ClucasGray sees significant potential to realise value in locally-listed companies.

CO-MANAGER of the R1.1bn ClucasGray Equity Prescient fund, Andrew Vintcent, believes that the thesis for holding depressed South African shares is as compelling as it’s ever been.

‘These valuations are crazy,’ Vintcent told Citywire South Africa in an interview. ‘Not all the shares we own are trading on a six or seven P/E, but that are a lot of shares on the JSE that do.’

He added that while last year and the first quarter of 2024 were particularly difficult for local equity managers, he believes that the potential for patient investors to earn outsized rewards by staying invested is significant.

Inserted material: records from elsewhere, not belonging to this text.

(* Let $d\geq 1$, $n\geq 1$ and $1\leq a\leq d+1$ be integers. Then $$\sum_{\pi\in \mathcal F_d^{(a)}(n)}\lambda(\pi)-\sum_{\pi\in \mathcal H_d^{(a)}(n)}\lambda(\pi)=\sum_{m=1}^{n-1} f_d^{(a)}(n-m)\,f_d^{(1)}(m)-\sum_{m=1}^{n-1} f_d^{(a)}(n-m)\,f_d^{(d+1)}(m).$$ Equivalently, $\sum_{n\geq1}\Big(\sum_{\pi\in \mathcal F_d^{(a)}(n)}\lambda(\pi)-\sum_{\pi\in \mathcal H_d^{(a)}(n)}\lambda(\pi)\Big)q^n=\dfrac{q^{a+1}-q^{a+1+d}}{(1-q-q^{d+1})^2}$.
   Context: A partition is a finite nonincreasing sequence of positive integers (its parts); its size is not fixed. For a partition $\pi$, $\lambda(\pi)$ is its number of parts, $\alpha(\pi)$ its largest part, and its perimeter is $\alpha(\pi)+\lambda(\pi)-1$. A partition has $d$-distinct parts if any two of its parts differ by at least $d$. For $1\le b\le d+1$, $\mathcal F_d^{(b)}(n)$ is the set of partitions of perimeter $n$ all of whose parts are $\equiv b \pmod{d+1}$, and $f_d^{(b)}(n)=|\mathcal F_d^{(b)}(n)|$. $\mathcal H_d^{(a)}(n)$ is the set of partitions of perimeter $n$ whose parts are $d$-distinct and all $\geq a$. (The paper writes the right-hand side as $fp^{(a,1)}(n)-fp^{(a,d+1)}(n)$ where $fp^{(a,b)}(n)$ counts ordered pairs $(\pi_1,\pi_2)$ with $\pi_1\in\mathcal F_d^{(a)}(n-m)$, $\pi_2\in\mathcal F_d^{(b)}(m)$ for some $1\le m\le n-1$.) *)

From mathcomp Require Import all_boot all_order all_algebra.
Set Implicit Arguments. Unset Strict Implicit. Unset Printing Implicit Defensive.

Definition is_partition (s : seq nat) : bool :=
  sorted geq s && all (fun x => 0 < x) s.

Definition nparts (s : seq nat) : nat := size s.
Definition largest (s : seq nat) : nat := foldr maxn 0 s.
Definition perimeter (s : seq nat) : nat := largest s + nparts s - 1.

Definition d_distinct (d : nat) (s : seq nat) : bool :=
  pairwise (fun x y => d + y <= x) s.

(* Candidate sequences: all sequences of length <= k with entries in 1..n,
   each listed exactly once.  Every partition of perimeter n has at most
   n parts, all <= n, so it occurs in cand n n. *)
Fixpoint cand (n k : nat) : seq (seq nat) :=
  match k with
  | 0 => [:: [::]]
  | k'.+1 => [::] :: [seq x :: s | x <- iota 1 n, s <- cand n k']
  end.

‘You can get lost in the clouds in terms of macro analysis, but we do think there have been some seismic one-offs in South Africa that have hampered growth over the last 18 months,’ Citywire + rated Vintcent said. ‘We warned that growth in 2023 was going to be low because we had some aberrations, most notably around the lack of access to stable power. And just on that count, this year will be better than last year.

Andrew Vintcent

‘A year ago, we were in stage six load-shedding, so base effects will start working in our favour to some extent. With our view that we are through the hiking cycle, interest rates will also get less punitive from these levels. Those are two massive headwinds that disappear.’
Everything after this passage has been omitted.